TO DO » Set down, please, without alteration, the lines of the entries below from the first through the one containing "move=> f_cvx x".
(RECORD EXCERPTS)
Lemma potential_jump_ge :
  potential n i t + (gain_slope n i j * x
                     + gain_ramp n i j * Num.max (x - n%:R * potential n i t) 0)
  <= potential n i (jump t j x).
Proof.
have v_ge0 := potential_ge0 i_gt0 i_lt_n t_size t_sorted.
have spread := potential_ge_spread i_gt0 i_lt_n t_size t_sorted.
have vE := potentialE i_gt0 i_lt_n t.
rewrite [potential _ _ (jump _ _ _)]potentialE // sum_jump.
have jump_le := bottom_sum_jump_le; have jump_le_spread := bottom_sum_jump_le_spread.
set v := potential n i t in v_ge0 spread vE jump_le jump_le_spread *.
set A := \sum_(0 <= k < i) nth 0 t k in vE jump_le jump_le_spread *.
set A' := \sum_(0 <= k < i) nth 0 (jump t j x) k in jump_le jump_le_spread *.
set S := \sum_(0 <= k < n) nth 0 t k in vE *.
set m : R := (n - i)%:R in vE *; set c : R := n%:R / (i%:R * m) in vE *.
have i_gt0R : 0 < i%:R :> R by rewrite ltr0n.
have m_gt0 : 0 < m by rewrite ltr0n subn_gt0.
have c_gt0 : 0 < c by rewrite divr_gt0 ?mulr_gt0 // ltr0n (ltn_trans i_gt0).
have mean_xE : (S + x) / m = S / m + x / m by rewrite mulrDl.
rewrite /gain_slope /gain_ramp -/m -/c; case: ltnP => ji.
- have gain : A' - A <= x - Num.max (x - n%:R * v) 0.
    have [x_le|x_gt] := leP (x - n%:R * v) 0; first by move: jump_le; rewrite ji; lra.
    have : i%:R * v <= n%:R * v by rewrite ler_wpM2r // ler_nat ltnW.
    by move: (jump_le_spread ji) (spread j ji); lra.
  have c_split : x * c = x / i%:R + x / m.
    have n_split : n%:R = i%:R + m :> R by rewrite /m -natrD subnKC // ltnW.
    by rewrite /c n_split; field; rewrite !gt_eqF.
  have := ler_wpM2l (ltW c_gt0) gain.
  rewrite mean_xE; lra.
- have : A' * c <= A * c.
    by rewrite ler_pM2r //; move: jump_le; rewrite ltnNge ji addr0.
  rewrite mean_xE mul0r addr0 mulrC; lra.
Qed.

End Jump.

Section NondecreasingConvex.
Variable R : realFieldType.
Implicit Types f h : R -> R.

(* Supporting lines of nonnegative slope everywhere: on [R] this characterizes
   the nondecreasing convex functions. *)
Definition nondecreasing_convex f :=
  forall a, exists2 g, 0 <= g & forall y, f a + g * (y - a) <= f y.

Lemma nondecreasing_convex_le f : nondecreasing_convex f -> {homo f : x y / x <= y}.
Proof.
move=> f_cvx x y xy; have [g g0 fg] := f_cvx x.
by apply: le_trans (fg y); rewrite lerDl mulr_ge0 // subr_ge0.
Qed.

Lemma nondecreasing_convex_comp f h :
  nondecreasing_convex f -> nondecreasing_convex h -> nondecreasing_convex (h \o f).
Proof.
move=> f_cvx h_cvx a; have [gf gf0 fg] := f_cvx a; have [gh gh0 hg] := h_cvx (f a).
exists (gh * gf); first exact: mulr_ge0.
move=> y; apply: le_trans (hg (f y)); rewrite -mulrA lerD2l ler_wpM2l //.
by have := fg y; lra.
Qed.

Lemma nondecreasing_convex_iter f s :
  nondecreasing_convex f -> nondecreasing_convex (iter s f).
Proof.
move=> f_cvx; elim: s => [a|s IHs]; first by exists 1 => // y; rewrite /= mul1r addrC subrK.
exact: nondecreasing_convex_comp IHs f_cvx.
Qed.

End NondecreasingConvex.

Lemma iter_ge (R : numDomainType) (f : R -> R) (s : nat) (v : R) :
  (forall v, v <= f v) -> v <= iter s f v.
Proof. by move=> f_ge; elim: s => //= s IHs; apply: le_trans IHs (f_ge _). Qed.

Lemma iter_cvgry (R : realType) (f : R -> R) (v0 : R) :
  (forall v, v <= f v) ->
  (forall M, exists2 c, 0 < c & forall v, v0 <= v <= M -> v + c <= f v) ->
  iter s f v0 @[s --> \oo] --> +oo.
Proof.
move=> f_ge f_step; apply/cvgryPge => M.
have [c c_gt0 f_stepM] := f_step M.
have iter_ge_min s : Num.min M (v0 + s%:R * c) <= iter s f v0.
  elim: s => [|s IHs]; first by rewrite mul0r addr0 ge_min lexx orbT.
  rewrite [iter _ _ _]/=; have [M_le|M_gt] := leP M (iter s f v0).
    by rewrite ge_min (le_trans M_le (f_ge _)).
  have : v0 + s%:R * c <= iter s f v0 by move: IHs; rewrite ge_min leNgt M_gt.
  have := f_stepM (iter s f v0); rewrite iter_ge // (ltW M_gt) => /(_ isT).
  by rewrite ge_min -natr1 mulrDl mul1r; lra.
near=> s; apply: le_trans (iter_ge_min s); rewrite le_min lexx /= -lerBlDl.
by rewrite -ler_pdivrMr //; near: s; exact: nbhs_infty_ger.
Unshelve. all: by end_near.
Qed.

Section DriftMap.
Variables (R : realType) (n : nat).
Hypothesis n_gt0 : (0 < n)%N.

(* [v + e^(-n v) / n] lower-bounds the expected potential after one step; the
   clamp at 0 makes the map nondecreasing and convex on all of [R]. *)
Definition drift_map (v : R) : R :=
  Num.max v 0 + expR (- (n%:R * Num.max v 0)) / n%:R.

Let n_gt0R : 0 < n%:R :> R. Proof. by rewrite ltr0n. Qed.

Lemma drift_mapE v : 0 <= v -> drift_map v = v + expR (- (n%:R * v)) / n%:R.
Proof. by move=> v0; rewrite /drift_map max_l. Qed.

Lemma drift_map_ge v : v <= drift_map v.
Proof.
have : v <= Num.max v 0 by rewrite le_max lexx.
have : 0 <= expR (- (n%:R * Num.max v 0)) / n%:R by rewrite divr_ge0 ?expR_ge0.
rewrite /drift_map; lra.
Qed.

Lemma nondecreasing_convex_drift_map : nondecreasing_convex drift_map.
Proof.
move=> a; pose b := Num.max a 0; pose e := expR (- (n%:R * b)).
have b_ge0 : 0 <= b by rewrite le_max lexx orbT.
have e_le1 : e <= 1 by rewrite /e expR_le1 oppr_le0 mulr_ge0 // ltW.
exists (1 - e); first by rewrite subr_ge0.
move=> y; pose u := Num.max y 0.
have tangent : 0 <= (expR (- (n%:R * u)) - e + n%:R * e * (u - b)) / n%:R.
  have : e * (1 - n%:R * (u - b)) <= expR (- (n%:R * u)).
    have -> : - (n%:R * u) = - (n%:R * b) + - (n%:R * (u - b)) by ring.
    rewrite expRD ler_wpM2l ?expR_ge0 //; have := expR_ge1Dx (- (n%:R * (u - b))); lra.
  by move=> tangent0; apply: divr_ge0; [lra | exact: ltW].
have tangentE : (expR (- (n%:R * u)) - e + n%:R * e * (u - b)) / n%:R
    = expR (- (n%:R * u)) / n%:R - e / n%:R + e * (u - b).
  by field; rewrite gt_eqF.
have slope : (1 - e) * (y - a) <= (1 - e) * (u - b).
  have [a_ge0|a_lt0] := leP 0 a.
    rewrite /b max_l // ler_wpM2l ?subr_ge0 //; have : y <= u by rewrite le_max lexx.
    lra.
  have b0 : b = 0 by apply/max_r/ltW.
  by rewrite /e b0 mulr0 oppr0 expR0 subrr !mul0r.
rewrite /drift_map -/b -/u -/e; lra.
Qed.

Lemma iter_drift_map_cvgry v0 : 0 <= v0 -> iter s drift_map v0 @[s --> \oo] --> +oo.
Proof.
move=> v0_ge0; apply: iter_cvgry; first exact: drift_map_ge.
move=> M; exists (expR (- (n%:R * M)) / n%:R); first by rewrite divr_gt0 ?expR_gt0.
move=> v /andP[v0v vM]; rewrite drift_mapE ?(le_trans v0_ge0) // lerD2l.
by rewrite ler_pM2r ?invr_gt0 // ler_expR lerN2 ler_pM2l.
Qed.

End DriftMap.

Section IntegralMonotone.
Context d (T : measurableType d) (R : realType) (mu : {measure set T -> \bar R}).
Local Open Scope ereal_scope.

(* The integral of a nonnegative function is a supremum over the simple
   functions below it, so monotonicity needs no measurability. *)
Lemma ge0_le_integral_nonmeasurable (D : set T) (f g : T -> \bar R) :
  (forall x, D x -> 0 <= f x) -> (forall x, D x -> f x <= g x) ->
  \int[mu]_(x in D) f x <= \int[mu]_(x in D) g x.
Proof.
move=> f0 fg.
have g0 x : D x -> 0 <= g x by move=> Dx; exact: le_trans (f0 x Dx) (fg x Dx).
rewrite (@ge0_integralE _ _ _ mu D f f0) (@ge0_integralE _ _ _ mu D g g0).
apply: ereal_sup_le => _ [h /= hf <-]; exists h => //= x.
apply: le_trans (hf x) _; rewrite /patch; case: ifP => // /set_mem Dx; exact: fg.
Qed.

Lemma le_integral_EFin (D : set T) (g : T -> R) (G : T -> \bar R) :
  (forall x, D x -> 0 <= G x) -> (forall x, D x -> (g x)%:E <= G x) ->
  \int[mu]_(x in D) (g x)%:E <= \int[mu]_(x in D) G x.
Proof.
move=> G0 gG; apply: (@le_trans _ _ (\int[mu]_(x in D) (EFin \o g)^\+ x)).
  rewrite [leLHS]integralE -[leRHS]sube0 leeB //.
  by apply: integral_ge0 => x _; exact: funeneg_ge0.
apply: ge0_le_integral_nonmeasurable => x Dx; first exact: funepos_ge0.
by rewrite funeposE ge_max gG ?G0.
Qed.

End IntegralMonotone.

Section ExpIntegrals.
Context {R : realType}.
Notation mu := (@lebesgue_measure R).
(End RECORD EXCERPTS)
TASK OUTPUT »
Lemma potential_jump_ge :
  potential n i t + (gain_slope n i j * x
                     + gain_ramp n i j * Num.max (x - n%:R * potential n i t) 0)
  <= potential n i (jump t j x).
Proof.
have v_ge0 := potential_ge0 i_gt0 i_lt_n t_size t_sorted.
have spread := potential_ge_spread i_gt0 i_lt_n t_size t_sorted.
have vE := potentialE i_gt0 i_lt_n t.
rewrite [potential _ _ (jump _ _ _)]potentialE // sum_jump.
have jump_le := bottom_sum_jump_le; have jump_le_spread := bottom_sum_jump_le_spread.
set v := potential n i t in v_ge0 spread vE jump_le jump_le_spread *.
set A := \sum_(0 <= k < i) nth 0 t k in vE jump_le jump_le_spread *.
set A' := \sum_(0 <= k < i) nth 0 (jump t j x) k in jump_le jump_le_spread *.
set S := \sum_(0 <= k < n) nth 0 t k in vE *.
set m : R := (n - i)%:R in vE *; set c : R := n%:R / (i%:R * m) in vE *.
have i_gt0R : 0 < i%:R :> R by rewrite ltr0n.
have m_gt0 : 0 < m by rewrite ltr0n subn_gt0.
have c_gt0 : 0 < c by rewrite divr_gt0 ?mulr_gt0 // ltr0n (ltn_trans i_gt0).
have mean_xE : (S + x) / m = S / m + x / m by rewrite mulrDl.
rewrite /gain_slope /gain_ramp -/m -/c; case: ltnP => ji.
- have gain : A' - A <= x - Num.max (x - n%:R * v) 0.
    have [x_le|x_gt] := leP (x - n%:R * v) 0; first by move: jump_le; rewrite ji; lra.
    have : i%:R * v <= n%:R * v by rewrite ler_wpM2r // ler_nat ltnW.
    by move: (jump_le_spread ji) (spread j ji); lra.
  have c_split : x * c = x / i%:R + x / m.
    have n_split : n%:R = i%:R + m :> R by rewrite /m -natrD subnKC // ltnW.
    by rewrite /c n_split; field; rewrite !gt_eqF.
  have := ler_wpM2l (ltW c_gt0) gain.
  rewrite mean_xE; lra.
- have : A' * c <= A * c.
    by rewrite ler_pM2r //; move: jump_le; rewrite ltnNge ji addr0.
  rewrite mean_xE mul0r addr0 mulrC; lra.
Qed.

End Jump.

Section NondecreasingConvex.
Variable R : realFieldType.
Implicit Types f h : R -> R.

(* Supporting lines of nonnegative slope everywhere: on [R] this characterizes
   the nondecreasing convex functions. *)
Definition nondecreasing_convex f :=
  forall a, exists2 g, 0 <= g & forall y, f a + g * (y - a) <= f y.

Lemma nondecreasing_convex_le f : nondecreasing_convex f -> {homo f : x y / x <= y}.
Proof.
move=> f_cvx x y xy; have [g g0 fg] := f_cvx x.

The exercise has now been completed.